Skinflint, Crane Lane, Dublin 2

As I was walking across Temple Bar with my camera, I happened to take a turn towards Dame Street from Essex Street. The alley I had chosen was in a remarkable contrast with the slick Temple Bar design shops, pubs and cafés around. I saw graffiti, piles of un-collected bin bags, and rumbling down, partly blackened walls. Against one doorframe, a chef was inhaling long puffs from his cigarette. I felt like being transferred into one of those dodgy alleyways in American police dramas and decided to memorise the street name for later research: Crane Lane, Crane, as in Frasier Crane.


But little did I know that at the same moment across Dublin, my lovely spouse was in the process of choosing Crane Lane’s restaurant as the location for a surprise Friday night outing.

The restaurant is Skinflint, where the main attraction is pizza, although the word pizzeria doesn’t describe Skinflint.
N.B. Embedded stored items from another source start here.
(* Let $\mathcal{H}$ be a separable Hilbert space, let $\{f_n\}_{n=1}^\infty$ be a pseudo-Riesz sequence in $\mathcal{H}$, and let $\{g_n\}_{n=1}^\infty$ be a pseudo-codual sequence of $\{f_n\}$ which is a Bessel sequence. Then $\{g_n\}$ is a pseudo-Riesz sequence.
   Context: A Bessel sequence in $\mathcal{H}$ is a pseudo-Riesz sequence if it can be transformed into a Riesz sequence by removing a finite number of appropriate vectors from it. A sequence $\{g_n\}$ in $\mathcal{H}$ is a pseudo-codual sequence of the Bessel sequence $\{f_n\}$ if there is a finite-codimensional subspace $V\subseteq\ell^2(\mathbb{N})$ such that $\sum_{k=1}^\infty\langle g_n,f_k\rangle c_k=c_n$ for all $n\in\mathbb{N}$ and all $c=(c_k)\in V$. *)

From Stdlib Require Import Reals List.
From Coquelicot Require Import Coquelicot.
Open Scope R_scope.

Notation CC := Complex.C.

Record HilbertSpace := {
  hvec :> ModuleSpace C_Ring;
  hinner : hvec -> hvec -> CC;
  hinner_add_l : forall x y z : hvec,
      hinner (plus x y) z = Cplus (hinner x z) (hinner y z);
  hinner_scal_l : forall (a : CC) (x y : hvec),
      hinner (scal a x) y = Cmult a (hinner x y);
  hinner_conj : forall x y : hvec, hinner y x = Cconj (hinner x y);
  hinner_pos : forall x : hvec, 0 <= Re (hinner x x);
  hinner_def : forall x : hvec, hinner x x = RtoC 0 -> x = zero;
  hcomplete : forall u : nat -> hvec,
      (forall eps, 0 < eps -> exists N, forall m n, (N <= m)%nat -> (N <= n)%nat ->
          sqrt (Re (hinner (minus (u m) (u n)) (minus (u m) (u n)))) < eps) ->
      exists l : hvec, forall eps, 0 < eps -> exists N, forall n, (N <= n)%nat ->
          sqrt (Re (hinner (minus (u n) l) (minus (u n) l))) < eps;
  hseparable : exists d : nat -> hvec, forall (x : hvec) eps, 0 < eps ->
      exists n, sqrt (Re (hinner (minus x (d n)) (minus x (d n)))) < eps
}.

Arguments hinner {h}.

Definition hnorm {H : HilbertSpace} (x : H) : R := sqrt (Re (hinner x x)).

Definition cseries (a : nat -> CC) (l : CC) : Prop :=
  @is_series C_AbsRing C_NormedModule a l.

Definition Bessel {H : HilbertSpace} (f : nat -> H) : Prop :=
  exists B, 0 < B /\ forall x : H,
    ex_series (fun n => (Cmod (hinner x (f n)))^2) /\
    Series (fun n => (Cmod (hinner x (f n)))^2) <= B * (hnorm x)^2.

(* The family {f_n : n not in F} is a Riesz sequence: Riesz bounds for all
   finitely supported coefficient sequences vanishing on F.
   (sum_n a N = a 0 + ... + a N.) *)
Definition Riesz_off {H : HilbertSpace} (f : nat -> H) (F : list nat) : Prop :=
  exists A B, 0 < A /\ 0 < B /\
    forall (N : nat) (c : nat -> CC), (forall n, In n F -> c n = RtoC 0) ->
      A * sum_n (fun n => (Cmod (c n))^2) N
        <= (hnorm (sum_n (fun n => scal (c n) (f n)) N))^2
      /\ (hnorm (sum_n (fun n => scal (c n) (f n)) N))^2
        <= B * sum_n (fun n => (Cmod (c n))^2) N.

Definition Riesz_sequence {H : HilbertSpace} (f : nat -> H) : Prop :=
  Riesz_off f nil.

Definition pseudo_Riesz {H : HilbertSpace} (f : nat -> H) : Prop :=
  Bessel f /\ exists F : list nat, Riesz_off f F.

Definition in_l2 (c : nat -> CC) : Prop :=
  ex_series (fun k => (Cmod (c k))^2).

Definition finite_codim_subspace (V : (nat -> CC) -> Prop) : Prop :=
  (forall c, V c -> in_l2 c) /\
  V (fun _ => RtoC 0) /\
  (forall c d, V c -> V d -> V (fun k => Cplus (c k) (d k))) /\
  (forall (a : CC) c, V c -> V (fun k => Cmult a (c k))) /\
  (* l^2 = V + span(e_1,...,e_m) for some finite list of l^2 vectors *)
  exists e : list (nat -> CC), (forall v, In v e -> in_l2 v) /\
    forall c, in_l2 c -> exists (v : nat -> CC) (a : nat -> CC),
      V v /\ forall k, c k = Cplus (v k)
        (fold_right Cplus (RtoC 0)
           (map (fun i => Cmult (a i) (nth i e (fun _ => RtoC 0) k))
                (seq 0 (length e)))).
(* Let $q>1$ be a fixed integer and $c>0$. There exists a constant $C>0$ (depending only on $q$ and $c$) such that for all $n\in\mathbb{N}$ and $p\in(0,1)$ with $np\ge c$ (i.e. $p^{-1}\lesssim n$), a random variable $B\sim\mathrm{Bin}(n,p)$ satisfies $$\mathbb{E}\Big[\mathbb{I}\{B>0\}\Big(\frac1B-\frac1{np}\Big)^q\Big]\le C\,(np)^{-3q/2}.$$ *)

From HB Require Import structures.
From mathcomp Require Import all_boot all_order all_algebra.
From mathcomp Require Import reals exp.
Set Implicit Arguments. Unset Strict Implicit. Unset Printing Implicit Defensive.
Import Order.TTheory GRing.Theory Num.Theory.
Local Open Scope ring_scope.

Definition binom_expect (R : realType) (n : nat) (p : R) (f : nat -> R) : R :=
  \sum_(k < n.+1) ('C(n, k))%:R * p ^+ k * (1 - p) ^+ (n - k) * f k.

Definition inv_dev (R : realType) (n : nat) (p : R) (q : nat) (k : nat) : R :=
  if (0 < k)%N then (k%:R^-1 - (n%:R * p)^-1) ^+ q else 0.

(* With mu = n p, on {B = k > 0} we have (1/k - 1/mu)^q <= |mu - k|^q / (k mu)^q.
   Size biasing, E[B g(B)] = mu E[g(B' + 1)], applied q times trades the factor
   k^-q for mu^-q at the cost of a constant, leaving mu^-2q times the q-th absolute
   moment of mu - (B'' - q) with B'' ~ Bin(n + q, p).  That moment is O(mu^(q/2)):
   bound |x|^q by q! s^-q (e^(s x) + e^(-s x)) and use the binomial moment generating
   function with s of order mu^(-1/2).  Altogether mu^-2q mu^(q/2) = mu^(-3q/2). *)

From HB Require Import structures.
From mathcomp Require Import all_boot all_order all_algebra.
From mathcomp Require Import reals exp sequences.
From mathcomp Require Import ring lra zify.
Set Implicit Arguments.
Unset Strict Implicit.
Unset Printing Implicit Defensive.

Import Order.TTheory GRing.Theory Num.Theory.
Local Open Scope ring_scope.

Section binomial_expectation.
Variable R : realType.
Implicit Types (p : R) (f g : nat -> R).

Lemma ler_binom_expect n p f g : 0 <= p <= 1 ->
    (forall k, (k <= n)%N -> f k <= g k) ->
  binom_expect n p f <= binom_expect n p g.
Proof.
move=> /andP[p0 p1] le_fg; apply: ler_sum => k _.
apply: ler_wpM2l; last by apply: le_fg; rewrite -ltnS.
by rewrite !mulr_ge0 ?exprn_ge0 ?subr_ge0.
Qed.

Lemma binom_expect_ge0 n p f : 0 <= p <= 1 -> (forall k, 0 <= f k) ->
  0 <= binom_expect n p f.
Proof.
move=> p01 f_ge0; have := @ler_binom_expect n p (fun=> 0) f p01 (fun k _ => f_ge0 k).
by rewrite {1}/binom_expect big1 // => k _; rewrite mulr0.
Qed.

Lemma binom_expectZ n p a f :
  binom_expect n p (fun k => a * f k) = a * binom_expect n p f.
Proof. by rewrite /binom_expect mulr_sumr; apply: eq_bigr => k _; ring. Qed.

Lemma binom_expectD n p f g :
  binom_expect n p (fun k => f k + g k) = binom_expect n p f + binom_expect n p g.
Proof. by rewrite /binom_expect -big_split; apply: eq_bigr => k _ /=; ring. Qed.

(* Size biasing: E[B g(B)] = n p E[g(B' + 1)] for B ~ Bin(n, p), B' ~ Bin(n - 1, p). *)
Lemma binom_expect_shift n p f :
  n.+1%:R * p * binom_expect n p (fun k => f k / k.+1%:R) =
  binom_expect n.+1 p (fun k => if k is k'.+1 then f k' else 0).
Proof.
rewrite /binom_expect [RHS]big_ord_recl mulr0 add0r mulr_sumr.
apply: eq_bigr => k _ /=; rewrite /bump /= add1n add0n subSS exprS.
have k1_neq0 : k.+1%:R != 0 :> R by rewrite pnatr_eq0.
have bin_diag : n.+1%:R * 'C(n, k)%:R = k.+1%:R * 'C(n.+1, k.+1)%:R :> R.
  by rewrite -!natrM mul_bin_diag.
transitivity (n.+1%:R * 'C(n, k)%:R * (p * p ^+ k) * (1 - p) ^+ (n - k) * f k / k.+1%:R).
  by ring.
by rewrite bin_diag; field; rewrite -natr1 addrC in k1_neq0.
Qed.

Lemma binom_expect_expR n p t :
  binom_expect n p (fun k => expR (t * k%:R)) = (1 - p + p * expR t) ^+ n.
Proof.
rewrite exprDn; apply: eq_bigr => k _.
by rewrite expRM_natr exprMn -mulr_natl; ring.
Qed.

Lemma binom_expect_expR_le n p t : 0 <= p <= 1 ->
  binom_expect n p (fun k => expR (t * k%:R)) <= expR (n%:R * p * (expR t - 1)).
Proof.
move=> /andP[p0 p1]; rewrite binom_expect_expR -mulrA [n%:R * _]mulrC expRM_natr.
apply: lerXn2r; rewrite ?nnegrE ?expR_ge0 //.
  by have := expR_ge0 t; nra.
by apply: le_trans (expR_ge1Dx _); lra.
Qed.

End binomial_expectation.

Section exponential_bounds.
Variable R : realType.
Implicit Types (s t x y : R).

Lemma exprn_le_expR (q : nat) y : 0 <= y -> y ^+ q <= q`!%:R * expR y.
Proof.
move=> y_ge0; case: q => [|q]; first by rewrite mul1r; have := expR_ge1Dx y; lra.
have := expR_ge1Dxn q y_ge0; have := expR_ge0 y.
have qfact_gt0 : 0 < q.+1`!%:R :> R by rewrite ltr0n fact_gt0.
rewrite -ler_pdivrMl // mulrC; lra.
Qed.

Lemma normrX_le_expR (q : nat) s x : 0 < s ->
  `|x| ^+ q <= q`!%:R / s ^+ q * (expR (s * x) + expR (- (s * x))).
Proof.
move=> s_gt0; have sq_gt0 : 0 < s ^+ q by rewrite exprn_gt0.
have sx_ge0 : 0 <= s * `|x| := mulr_ge0 (ltW s_gt0) (normr_ge0 x).
have := exprn_le_expR q sx_ge0; rewrite exprMn => /le_trans le_sx.
rewrite mulrAC ler_pdivlMr // mulrC; apply: le_sx.
apply: ler_wpM2l; first by rewrite ler0n.
have := expR_ge0 (s * x); have := expR_ge0 (- (s * x)).
case: (lerP 0 x) => [x_ge0|x_lt0].
  by rewrite ger0_norm //; lra.
by rewrite ltr0_norm // mulrN; lra.
Qed.

(* expR t * (1 - t) <= expR t * expR (- t) = 1, and 1 / (1 - t) <= 1 + t + 2 t^2 for t <= 1/2. *)
Lemma expR_le_quadratic t : t <= 1 / 2 -> expR t <= 1 + t + 2 * t ^+ 2.
Proof.
move=> t_le; have := expR_ge1Dx (- t); have := expR_gt0 t.
have inv : expR t * expR (- t) = 1 by rewrite -expRD subrr expR0.
nra.
Qed.

End exponential_bounds.

Section binomial_moments.
Variable R : realType.
Implicit Types (p s t : R).

Lemma binom_expect_expR_centered_le n q p t : 0 <= p <= 1 -> `|t| <= 1 / 2 ->
  expR (- (t * (n%:R * p))) * binom_expect (n + q) p (fun k => expR (t * k%:R)) <=
  expR (2 * (n%:R * p) * t ^+ 2 + q%:R).
Proof.
move=> p01 t_le; have /andP[p_ge0 p_le1] := p01.
apply: le_trans (ler_wpM2l (expR_ge0 _) (binom_expect_expR_le _ t p01)) _.
rewrite -expRD ler_expR natrD mulrDl.
set mu := n%:R * p; set e := expR t.
have mu_ge0 : 0 <= mu by rewrite mulr_ge0 ?ler0n.
have [t_lo t_hi] : - (1 / 2) <= t /\ t <= 1 / 2.
  by move: t_le; rewrite ler_norml => /andP[].
have e_le : e <= 1 + t + 2 * t ^+ 2 := expR_le_quadratic t_hi.
have e_gt0 : 0 < e := expR_gt0 t.
have e_le2 : e <= 2 by nra.
have qp_ge0 : 0 <= q%:R * p by rewrite mulr_ge0 ?ler0n.
have qp_le : q%:R * p <= q%:R by rewrite ler_piMr ?ler0n.
nra.
Qed.

Lemma binom_expect_centered_moment_le n q p s : 0 <= p <= 1 -> 0 < s -> s <= 1 / 2 ->
  binom_expect (n + q) p (fun k => `|n%:R * p - (k - q)%N%:R| ^+ q) <=
  q`!%:R / s ^+ q * (2 * expR (2 * (n%:R * p) * s ^+ 2 + 2 * q%:R)).
Proof.
move=> p01 s_gt0 s_le; set mu := n%:R * p.
have cst_ge0 : 0 <= q`!%:R / s ^+ q by rewrite divr_ge0 ?ler0n ?exprn_ge0 ?ltW.
apply: (@le_trans _ _ (binom_expect (n + q) p (fun k => q`!%:R / s ^+ q *
    (expR (s * q%:R) * (expR (- (- s * mu)) * expR (- s * k%:R)) +
     expR (- (s * mu)) * expR (s * k%:R))))).
  apply: ler_binom_expect => // k _.
  apply: le_trans (normrX_le_expR q _ s_gt0) _.
  apply: ler_wpM2l => //; rewrite -!expRD.
  have k_le : k%:R <= (k - q)%N%:R + q%:R :> R by rewrite -natrD ler_nat; lia.
  have k_ge : (k - q)%N%:R <= k%:R :> R by rewrite ler_nat; lia.
  by apply: lerD; rewrite ler_expR; nra.
rewrite binom_expectZ binom_expectD !binom_expectZ; apply: ler_wpM2l => //.
have abs_s : `|s| <= 1 / 2 by rewrite gtr0_norm.
have abs_Ns : `|- s| <= 1 / 2 by rewrite normrN gtr0_norm.
have := binom_expect_expR_centered_le n q p01 abs_s.
have := binom_expect_expR_centered_le n q p01 abs_Ns.
rewrite sqrrN -/mu => lo hi.
have sq_le : expR (s * q%:R) <= expR q%:R.
  by rewrite ler_expR ler_piMl ?ler0n //; lra.
have -> : expR (2 * mu * s ^+ 2 + 2 * q%:R) = expR q%:R * expR (2 * mu * s ^+ 2 + q%:R).
  by rewrite -expRD; congr expR; ring.
have q_ge1 : 1 <= expR (q%:R : R).
  by have := expR_ge1Dx (q%:R : R); have := ler0n R q; lra.
have lo_ge0 : 0 <= expR (- (- s * mu)) *
    binom_expect (n + q) p (fun k => expR (- s * k%:R)).
  by rewrite mulr_ge0 ?expR_ge0 ?binom_expect_ge0 // => k; rewrite expR_ge0.
have := expR_ge0 (s * q%:R); have := expR_ge0 (2 * mu * s ^+ 2 + q%:R).
nra.
Qed.

End binomial_moments.

Section inverse_moments.
Variable R : realType.
Implicit Types (p : R) (h : nat -> R).

Definition div_kpow (j : nat) h (k : nat) : R :=
  if (0 < k)%N then h k / k%:R ^+ j else 0.

Lemma div_kpowS_le j h k : 0 <= h k ->
  div_kpow j.+1 h k <= 2 * (div_kpow j h k / k.+1%:R).
Proof.
rewrite /div_kpow; case: k => [|k] /= h_ge0; first by rewrite mul0r mulr0.
have -> : h k.+1 / k.+1%:R ^+ j.+1 = h k.+1 / k.+1%:R ^+ j * k.+1%:R^-1.
  by rewrite exprSr invfM mulrA.
rewrite mulrCA; apply: ler_wpM2l; first by rewrite divr_ge0 ?exprn_ge0.
have k1_ge1 : 1 <= k.+1%:R :> R by rewrite ler1n.
rewrite -[k.+2]addn1 natrD -[2 / _]invf_div lef_pV2 ?posrE; lra.
Qed.

Lemma div_kpow_pred_le j h k : (forall k, 0 <= h k) ->
  (if k is k'.+1 then div_kpow j h k' else 0) <= 2 ^+ j * div_kpow j (fun i => h i.-1) k.
Proof.
rewrite /div_kpow => h_ge0; case: k => [|[|k]] /=; first by rewrite mulr0.
  by rewrite mulr_ge0 ?divr_ge0 ?exprn_ge0.
rewrite mulrCA ler_wpM2l // -invf_div lef_pV2 ?posrE ?divr_gt0 ?exprn_gt0 ?ltr0n //.
rewrite ler_pdivrMr ?exprn_gt0 // -exprMn lerXn2r ?nnegrE ?mulr_ge0 //.
by rewrite -natrM ler_nat; lia.
Qed.

Lemma binom_expect_div_kpowS n p j h : 0 <= p <= 1 -> (forall k, 0 <= h k) ->
  n.+1%:R * p * binom_expect n p (div_kpow j.+1 h) <=
  2 ^+ j.+1 * binom_expect n.+1 p (div_kpow j (fun i => h i.-1)).
Proof.
move=> p01 h_ge0; have /andP[p_ge0 _] := p01.
have np_ge0 : 0 <= n.+1%:R * p by rewrite mulr_ge0.
have div_succ : binom_expect n p (div_kpow j.+1 h) <=
    2 * binom_expect n p (fun k => div_kpow j h k / k.+1%:R).
  by rewrite -binom_expectZ; apply: ler_binom_expect => // k _; apply: div_kpowS_le.
have pred_div : binom_expect n.+1 p (fun k => if k is k'.+1 then div_kpow j h k' else 0)
    <= 2 ^+ j * binom_expect n.+1 p (div_kpow j (fun i => h i.-1)).
  by rewrite -binom_expectZ; apply: ler_binom_expect => // k _; apply: div_kpow_pred_le.
apply: le_trans (ler_wpM2l np_ge0 div_succ) _.
rewrite mulrCA binom_expect_shift exprS -mulrA.
by apply: ler_wpM2l.
Qed.

(* Iterating the size-biasing step [j] times costs a factor 2^(1 + ... + j). *)
Lemma binom_expect_div_kpow_le j n p h : 0 <= p <= 1 -> (forall k, 0 <= h k) ->
  (n%:R * p) ^+ j * binom_expect n p (div_kpow j h) <=
  2 ^+ 'C(j.+1, 2) * binom_expect (n + j) p (fun k => h (k - j)%N).
Proof.
elim: j n h => [|j IHj] n h p01 h_ge0.
  rewrite !expr0 !mul1r addn0; apply: ler_binom_expect => // k _.
  by rewrite /div_kpow subn0; case: ifP; rewrite ?expr0 ?divr1.
have /andP[p_ge0 _] := p01.
have np_ge0 : 0 <= n%:R * p by rewrite mulr_ge0.
have np_le : n%:R * p <= n.+1%:R * p by rewrite ler_wpM2r ?ler_nat.
have E_ge0 : 0 <= binom_expect n p (div_kpow j.+1 h).
  apply: binom_expect_ge0 => // k; rewrite /div_kpow.
  by case: ifP => // _; rewrite divr_ge0 ?exprn_ge0.
have np_mono : (n%:R * p) ^+ j.+1 * binom_expect n p (div_kpow j.+1 h) <=
    (n.+1%:R * p) ^+ j * (n.+1%:R * p * binom_expect n p (div_kpow j.+1 h)).
  rewrite exprSr -mulrA; apply: ler_pM; rewrite ?exprn_ge0 ?mulr_ge0 //.
    by rewrite lerXn2r // nnegrE (le_trans np_ge0).
  exact: ler_wpM2r.
apply: (le_trans np_mono).
apply: le_trans (ler_wpM2l _ (binom_expect_div_kpowS n j p01 h_ge0)) _.
  by rewrite exprn_ge0 // (le_trans np_ge0).
rewrite mulrCA binS bin1 addnC exprD -mulrA; apply: ler_wpM2l; first exact: exprn_ge0.
have shift : binom_expect (n + j.+1) p (fun k => h (k - j).-1) =
    binom_expect (n + j.+1) p (fun k => h (k - j.+1)%N).
  by apply: eq_bigr => k _; rewrite subnS.
by have := IHj n.+1 (fun i => h i.-1) p01 (fun k => h_ge0 _); rewrite addSnnS shift.
Qed.

End inverse_moments.

Section inverse_deviation.
Variable R : realType.
Implicit Types (p s : R).

Lemma inv_dev_le_div_kpow n p q k : 0 < n%:R * p ->
  inv_dev n p q k <=
    ((n%:R * p) ^+ q)^-1 * div_kpow q (fun i => `|n%:R * p - i%:R| ^+ q) k.
Proof.
rewrite /inv_dev /div_kpow; set mu := n%:R * p => mu_gt0.
case: k => [|k] /=; first by rewrite mulr0.
have -> : k.+1%:R^-1 - mu^-1 = (mu - k.+1%:R) / (k.+1%:R * mu).
  by field; rewrite (gt_eqF mu_gt0) /= addrC natr1 pnatr_eq0.
rewrite expr_div_n [X in _ <= X]mulrC -mulrA -invfM -exprMn.
apply: ler_wpM2r; first by rewrite invr_ge0 exprn_ge0 // mulr_ge0 ?ler0n ?(ltW mu_gt0).
by rewrite -normrX real_ler_norm ?num_real.
Qed.

Lemma binom_expect_inv_dev_le n q p s : 0 <= p <= 1 -> 0 < n%:R * p ->
    0 < s -> s <= 1 / 2 ->
  binom_expect n p (inv_dev n p q) <=
    2 ^+ 'C(q.+1, 2) * (q`!%:R / s ^+ q * (2 * expR (2 * (n%:R * p) * s ^+ 2 + 2 * q%:R)))
    / (n%:R * p) ^+ (2 * q).
Proof.
move=> p01 mu_gt0 s_gt0 s_le; set mu := n%:R * p in mu_gt0 *.
set M := _ * (2 * _).
set h := fun i => `|mu - i%:R| ^+ q.
have h_ge0 k : 0 <= h k by rewrite exprn_ge0.
have muq_gt0 : 0 < mu ^+ q by rewrite exprn_gt0.
have dev_le : binom_expect n p (inv_dev n p q) <=
    (mu ^+ q)^-1 * binom_expect n p (div_kpow q h).
  by rewrite -binom_expectZ; apply: ler_binom_expect => // k _; apply: inv_dev_le_div_kpow.
have div_le : binom_expect n p (div_kpow q h) <= (mu ^+ q)^-1 * (2 ^+ 'C(q.+1, 2) * M).
  rewrite mulrC ler_pdivlMr // mulrC.
  apply: le_trans (binom_expect_div_kpow_le q n p01 h_ge0) _.
  by apply: ler_wpM2l; [exact: exprn_ge0 | exact: binom_expect_centered_moment_le].
apply: le_trans (le_trans dev_le (ler_wpM2l _ div_le)) _.
  by rewrite invr_ge0 ltW.
suff -> : 2 ^+ 'C(q.+1, 2) * M / mu ^+ (2 * q) =
    (mu ^+ q)^-1 * ((mu ^+ q)^-1 * (2 ^+ 'C(q.+1, 2) * M)) by [].
by rewrite mul2n -addnn exprD invfM mulrC -mulrA.
Qed.

Definition inv_dev_const (q : nat) (c : R) : R :=
  2 ^+ 'C(q.+1, 2) * (q`!%:R * (2 * expR (c / 2 + 2 * q%:R))) / (Num.sqrt c / 2) ^+ q.

Lemma inv_dev_const_gt0 q c : 0 < c -> 0 < inv_dev_const q c.
Proof.
move=> c_gt0; have sc_gt0 : 0 < Num.sqrt c by rewrite sqrtr_gt0.
by rewrite divr_gt0 ?exprn_gt0 ?divr_gt0 // !mulr_gt0 ?exprn_gt0 ?expR_gt0 ?ltr0n ?fact_gt0.
Qed.

(* The choice s = sqrt c / (2 sqrt mu) keeps mu s^2 = c / 4 bounded while s <= 1/2. *)
Lemma binom_expect_inv_dev_le_const n q p c : 0 <= p <= 1 -> 0 < c -> c <= n%:R * p ->
  binom_expect n p (inv_dev n p q) <= inv_dev_const q c / Num.sqrt (n%:R * p) ^+ (3 * q).
Proof.
move=> p01 c_gt0 c_le; set mu := n%:R * p in c_le *.
have mu_gt0 : 0 < mu := lt_le_trans c_gt0 c_le.
have sc_gt0 : 0 < Num.sqrt c by rewrite sqrtr_gt0.
set r := Num.sqrt mu; set s := Num.sqrt c / (2 * r).
have r_gt0 : 0 < r by rewrite sqrtr_gt0.
have sqr_r : r ^+ 2 = mu by rewrite sqr_sqrtr ?ltW.
have s_gt0 : 0 < s by rewrite divr_gt0 ?mulr_gt0.
have s_le : s <= 1 / 2.
  have sc_le : Num.sqrt c <= r by rewrite ler_sqrt ?(ltW mu_gt0).
  by rewrite ler_pdivrMr ?mulr_gt0 //; lra.
have mu_s2 : 2 * mu * s ^+ 2 = c / 2.
  by rewrite /s expr_div_n sqr_sqrtr ?ltW // exprMn sqr_r; field; rewrite gt_eqF.
apply: le_trans (binom_expect_inv_dev_le q p01 mu_gt0 s_gt0 s_le) _.
rewrite -/mu mu_s2 -{1}sqr_r /s /inv_dev_const !expr_div_n exprMn -exprM.
have -> : (2 * (2 * q) = q * 4)%N by rewrite mulnA mulnC.
rewrite [(3 * q)%N]mulnC !exprM.
have rq_neq0 : r ^+ q != 0 by rewrite expf_neq0 ?gt_eqF.
have scq_neq0 : Num.sqrt c ^+ q != 0 by rewrite expf_neq0 ?gt_eqF.
have twoq_neq0 : 2 ^+ q != 0 :> R by rewrite expf_neq0 ?pnatr_eq0.
move: (2 ^+ 'C(q.+1, 2)) (q`!%:R) (expR _) => A B K.
by rewrite le_eqVlt; apply/predU1P; left; field; rewrite rq_neq0 twoq_neq0.
Qed.

Lemma powR_half_natr (x : R) (m : nat) : 0 <= x -> x `^ (m%:R / 2) = Num.sqrt x ^+ m.
Proof.
by move=> x_ge0; rewrite mulrC powRrM powR12_sqrt // powR_mulrn ?sqrtr_ge0.
Qed.

End inverse_deviation.

Theorem lemma1 (R : realType) (q : nat) (hq : (1 < q)%N) (c : R) (hc : 0 < c) :
  exists C : R, 0 < C /\
    forall (n : nat) (p : R), 0 < p -> p < 1 -> c <= n%:R * p ->
      binom_expect n p (inv_dev n p q) <=
        C * powR (n%:R * p) (- ((3 * q)%:R / 2)).
Proof.
(* The bound holds for every q. *)
exists (inv_dev_const q c); split; first exact: inv_dev_const_gt0.
move=> n p p_gt0 p_lt1 c_le.
rewrite powRN powR_half_natr ?(le_trans (ltW hc) c_le) //.
by apply: binom_expect_inv_dev_le_const => //; rewrite !ltW.
Qed.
The tables are old and white wooden doors covered with glass and the bar stools around them are high. On the walls, you see a collection of mis-matching pictures, and the lamps don’t have shades.

The menu has two sections: ‘pizza’ and ‘all the rest that is not pizza.’ As a starter, you can get little things to munch, but it is clear that it is pizza that sells in Skinflint. From the starters, even the tapenade and hummus are served with pizza base, and one portion would surely be enough for two before moving on to the mains.


The pizzas are ready sliced and are served on wooden and narrow boards. The massive rolls of paper on each table indicate that you are supposed to use your fingers to eat the juicy pieces of pizza. You also find some honey on each table and I strongly suggest you to give it a go: the Firebee honey is one of Skinflint’s specialities. My favourite pizza with roasted garlic confit and spinach is very garlicky – exactly as it should be – and the honey softens the taste perfectly. The pizza crust is very thin and, as it should be, crusty.

You will search Coke, Sprite or any other soft drinks in vain from the menu. Instead, Skinflint offers a big glass of perfectly sour lemonade. The house wine is also a good option, for 9 euros you get 2 glasses, or for 11 euros a small carafe. The red wine is full-bodied and spicy and goes nicely with the pizzas. There are also beers on offer, and for a thirstier lot I suggest a can of Heineken to wash down the pizza. But if you are fussy with your beers, visit Dublin’s first pub brewery Porterhouse just around the corner for a dessert beverage.

The atmosphere in Skinflint is casual, and although the music choice seems to be from a soundtrack for a gangsta rapper biopic, the clientele includes families, couples and groups of friends from varying ages – although, this is not a place where I’d take my grandmother.

Skinflint is really worth its name: a dinner with one starter and two pizzas, carafe of wine and a lemonade cost 35€ in total. Highly recommended for all you skinflints out there!